5.22.2011

Brad Delong Speaks

A couple of good points from a [Brad Delong talk about the Financial Crisis]

First on the Financial crisis

As the foundations of this crisis were laid, there were always arguments against massive regulatory intervention to deal with it. Those arguments always sounded convincing. The stayed convincing even as the situation transformed itself from a justified boom in long duration assets driven by advances in diversification and by capital inflows pushing down interest rates, to froth, to irrational exuberance, to a full-fledged bubble.

The first argument was: "well it is their money." Countrywide probably knows what it is doing. There are major benefits from diversification and better access to credit. Even if it does not know what it is doing, it isn't the government's job to rescue the investors in Countrywide from the fact their risk controls are not what they ought to be.

Second, Alan Greenspan really is a Randite, really is a follower of Ayn Rand. He really does believe that it is a bad thing to infringe your freedom and protect you from yourself. He really is the kind of person who thinks that it is bad for you if the government keeps you from making stupid investments that cost you all your money. You can ask him--"do you think there should guardrails on the ledge of the Grand Canyon?"--and he might well say no--that there should be warnings, but if grown-ups wish to venture too close to the crumbling edge... they are grown ups, and should not be treated like children.

The third argument was: "who is going to get hurt?" Investors in Countrywide, but they are rich and risk-loving and if they want to build the rest of us houses we should probably say "thank you." And somebody buying a house east of Riverside California with a zero-down, a teaser rate, a pick-what-you-pay mortgage--what they are really doing from an asset-price perspective is renting a house at a below-market rent for three years and being given a free call option on the house. They will be sad if the house price doesn't go up and the call option is not worth exercising. But that is regret. That is not harm: they did still get to live in the house at a low rent for three years. So why should the government step in and keep people from getting these deals if Countrywide wants to provide them?
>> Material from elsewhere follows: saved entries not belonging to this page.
Lemma additive_finZmod_char0_eq0 (k : fieldType) (V : lmodType k)
    (M : finZmodType) (f : M -> V) :
  [pchar k] =i pred0 -> (forall a b, f (a + b) = f a + f b) -> forall a, f a = 0.
Proof.
move=> /pcharf0P char0 fD a.
have f0 : f 0 = 0 by apply: (addrI (f 0)); rewrite -fD !addr0.
have fMn n : f (a *+ n) = f a *+ n.
  by elim: n => [|n IHn]; rewrite ?f0 // !mulrS fD IHn.
have cardM_neq0 : (#|M|%:R : k) != 0.
  by rewrite char0 -lt0n; apply/card_gt0P; exists a.
rewrite -[f a]scale1r -(mulVf cardM_neq0) -scalerA scaler_nat -fMn.
by rewrite finZmod_mulrn_card f0 scaler0.
Qed.

Section TwistedCohomology.
Variables (k : fieldType) (C : kLinCat k) (G : finGroupType) (V1 V0 : C).
Variables (rho1 : G -> cHom V1 V1) (rho0 : G -> cHom V0 V0).
Hypotheses (rho0_1 : rho0 1%g = idm V0)
           (rho0M : forall g h, rho0 (g * h)%g = rho0 g \oo rho0 h).

(* [Hom(V0, V1)] is a [G]-bimodule: [rho1] acts on the left, [rho0] on the right. *)
Definition cocycle2 (c : G -> G -> cHom V0 V1) :=
  forall g h l, c (g * h)%g l + c g h \oo rho0 l = c g (h * l)%g + rho1 g \oo c h l.

Definition coboundary_of (c : G -> G -> cHom V0 V1) (T : G -> cHom V0 V1) :=
  forall g h, T (g * h)%g + c g h = T g \oo rho0 h + rho1 g \oo T h.

Definition average_cochain (c : G -> G -> cHom V0 V1) (g : G) : cHom V0 V1 :=
  (#|G|%:R : k)^-1 *: \sum_(l : G) c g l \oo rho0 l^-1%g.

Lemma rho0V (l : G) : rho0 l \oo rho0 l^-1%g = idm V0.
Proof. by rewrite -rho0M mulgV rho0_1. Qed.

Lemma average_cochain1 c : (forall l, c 1%g l = 0) -> average_cochain c 1%g = 0.
Proof.
by move=> c1; rewrite /average_cochain big1 ?scaler0 // => l _; rewrite c1 comp0m.
Qed.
Fourth, and most important, it is a big political looser for regulators to go before Congress. The Democratic members would whack them: why aren’t
you letting my constituents buy the houses they want to buy? The Republican members would whack them: why aren’t you letting my contributors make the loans they want to make?" That’s a very unpleasant position for a regulator to be in--when both Republicans and Democrats agree that you are an ass.
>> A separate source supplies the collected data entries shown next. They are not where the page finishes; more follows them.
(* [Ttil >= 9] gives [ln Ttil >= 2], and [Ttil >= 2 pi exp (2l)] keeps the first two cells
   inside [(0, exp (-2l)]], where the majorant applies. *)
Lemma fourier_sum_impint_error T lam :
  2 * PI * exp (2 * l) + 9 <= INR (Ttil T) -> 0 <= lam <= PI ->
  Rabs (/ INR (Ttil T) * sum_n_m (fun j => F (lamj T j)) 1 (nsum T lam) - / PI * impint F lam)
  <= 7 * (K * Rpower (2 * ln (INR (Ttil T))) l) / INR (Ttil T).
Proof.
  intros hN hlam. pose proof PI_RGT_0. pose proof PI2_3_2. pose proof (exp_pos (2 * l)).
  pose proof (Ttil_bounds T) as hT. pose proof (nsum_le_Ttil T lam hlam) as hnN.
  pose proof (nsum_step_bounds T lam ltac:(nra) hlam) as hstep.
  rewrite (sum_n_m_ext _ (fun j => F (INR j * (2 * PI / INR T))))
    by (intros j; unfold lamj, Rdiv; f_equal; ring).
  set (N := INR (Ttil T)) in *. set (n := nsum T lam) in *. set (h := 2 * PI / INR T) in *.
  assert (hN9 : 9 <= N) by nra.
  assert (h_pos : 0 < h) by (unfold h; apply Rdiv_lt_0_compat; lra).
  assert (h_le : h <= PI / N).
  { apply (Rle_div_r h PI N); [lra|]. unfold h.
    replace (2 * PI / INR T * N) with (PI * (2 * N / INR T)) by (field; lra).
    rewrite <- (Rmult_1_r PI) at 2. apply Rmult_le_compat_l; [lra|]. apply Rle_div_l; lra. }
  assert (inv_h : / h <= N) by (unfold h; rewrite Rinv_div; apply (Rle_div_l (INR T) N (2 * PI)); nra).
  assert (ln_N : 2 <= ln N) by (eapply Rle_trans; [apply two_le_ln_9 | apply ln_le; lra]).
  assert (two_h : 2 * h <= exp (- (2 * l))).
  { rewrite exp_Ropp. apply Rle_trans with (2 * PI / N); [unfold Rdiv in *; lra|].
    apply (Rle_div_l (2 * PI) (/ exp (2 * l)) N); [lra|].
    apply Rmult_le_reg_r with (exp (2 * l)); [lra|]. field_simplify; nra. }
  set (Q := K * Rpower (2 * ln N) l).
  apply (normalization_error_le N (INR T)); [lra | assumption | apply (scale_bound_ge_0 N) | |].
  - fold h. pose proof (riemann_sum_abs_le h N h_pos inv_h ln_N n ltac:(lra)) as hsum. fold Q in hsum.
    rewrite Rabs_mult, (Rabs_right h) by lra. apply Rle_trans with (INR n * h * Q); [nra|].
    apply Rmult_le_compat_r; [apply (scale_bound_ge_0 N) | lra].
  - fold h. exact (riemann_sum_impint_error h N h_pos inv_h ln_N two_h n lam hnN hstep (proj2 hlam)).
Qed.

End LogSingularIntegrand.

(* Only the values on [(0, pi]] matter, so [f] may be frozen at [f pi] beyond [pi],
   which makes it continuous on all of [(0, pi]]. *)
Lemma fourier_sum_impint_error_left_continuous (f df : R -> R) K l T lam :
  0 <= K -> 1 <= l ->
  (forall x, 0 < x < PI -> is_derive f x (df x)) ->
  filterlim f (at_left PI) (locally (f PI)) ->
  (forall x, 0 < x <= PI -> Rabs (f x) <= K * pw (Rabs (ln x)) l) ->
  (forall x, 0 < x < PI -> Rabs (df x) <= K / x * pw (Rabs (ln x)) (l - 1)) ->
  2 * PI * exp (2 * l) + 9 <= INR (Ttil T) -> 0 <= lam <= PI ->
  Rabs (/ INR (Ttil T) * sum_n_m (fun j => f (lamj T j)) 1 (nsum T lam) - / PI * impint f lam)
  <= 7 * (K * Rpower (2 * ln (INR (Ttil T))) l) / INR (Ttil T).
Proof.
  intros hK hl hdf hPI hf hdfb hN hlam. pose proof PI_RGT_0. pose proof (exp_pos (2 * l)).
  set (F := fun x => f (Rmin x PI)).
  assert (F_cont : forall x, 0 < x <= PI -> continuous F x).
  { intros x hx. destruct (Rlt_dec x PI) as [hxPI | hxPI].
    - apply (continuous_ext_loc F f x (Rmin_eq_locally f PI x hxPI)).
      apply (ex_derive_continuous (K := R_AbsRing) (V := R_NormedModule)). exists (df x). apply hdf. lra.
    - replace x with PI by lra. apply continuous_Rmin_of_left_limit, hPI. }
  assert (F_deriv : forall x, 0 < x < PI -> is_derive F x (df x)).
  { intros x hx. apply (is_derive_ext_loc f F x _ (Rmin_eq_locally f PI x (proj2 hx))). auto. }
  assert (F_bound : forall x, 0 < x <= PI -> Rabs (F x) <= K * pw (Rabs (ln x)) l).
  { intros x hx. unfold F. rewrite Rmin_left by lra. auto. }
  replace (sum_n_m (fun j => f (lamj T j)) 1 (nsum T lam)) with (sum_n_m (fun j => F (lamj T j)) 1 (nsum T lam)).
  2: { apply sum_n_m_ext_loc. intros j hj. unfold F. rewrite Rmin_left; [reflexivity|].
       pose proof (nsum_step_bounds T lam ltac:(nra) hlam).
       pose proof (le_INR j (nsum T lam) (proj2 hj)).
       assert (0 < 2 * PI / INR T) by (apply Rdiv_lt_0_compat; pose proof (Ttil_bounds T); nra).
       unfold lamj. replace (2 * PI * INR j / INR T) with (INR j * (2 * PI / INR T)) by (unfold Rdiv; ring).
       nra. }
  destruct (Rle_lt_or_eq_dec 0 lam (proj1 hlam)) as [hlam0 | <-].
  - rewrite (impint_ext F f lam hlam0).
    + apply (fourier_sum_impint_error K l F df); assumption.
    + intros t ht. unfold F. rewrite Rmin_left by lra. reflexivity.
    + apply (impint_spec K l F); auto; lra.
  - replace (impint f 0) with (impint F 0) by (unfold impint; destruct (Req_EM_T 0 0); [reflexivity | lra]).
    apply (fourier_sum_impint_error K l F df); auto; lra.
Qed.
Fifth, there was the fact that the old framework for lending locked lots of people out of the real estate asset class, and a belief that we should be experimenting with new ways to get money to people who want it to make investments--that we should be trying to broaden the access of the poorer half of Americans to high-return investment vehicles.

Most important, however, was the overall belief on the part of the regulators that they could handle it. Subprime was a small asset class in the global economy. The Federal Reserve was powerful. Whatever stupid things financial markets did, the Federal Reserve could clean up the mess afterwards and build firewalls between finance and the real economy so that we would not suffer from high unemployment and a deep recession. The Federal Reserve had handled it in 1987 with the stock market's Black Monday, had handled it in 1991 with the Savings and Loan crisis, had handled it 1995 with the Mexican crisis, in 1997 with Malaysian crisis, in 1998 with the triple crisis--the Korean crisis, the state bankruptcy of Russia as it became clear that just because you were a nuclear armed ex
superpower that did not mean the IMF thought you were too big to fail. the bankruptcy of the largest hedge fund in the world, LTCM. We had the 2001 collapse of the dot-com bubble. And in every single case we managed to handle it: contain systemic risk, stabilize the financial system, and avoid a deep recession.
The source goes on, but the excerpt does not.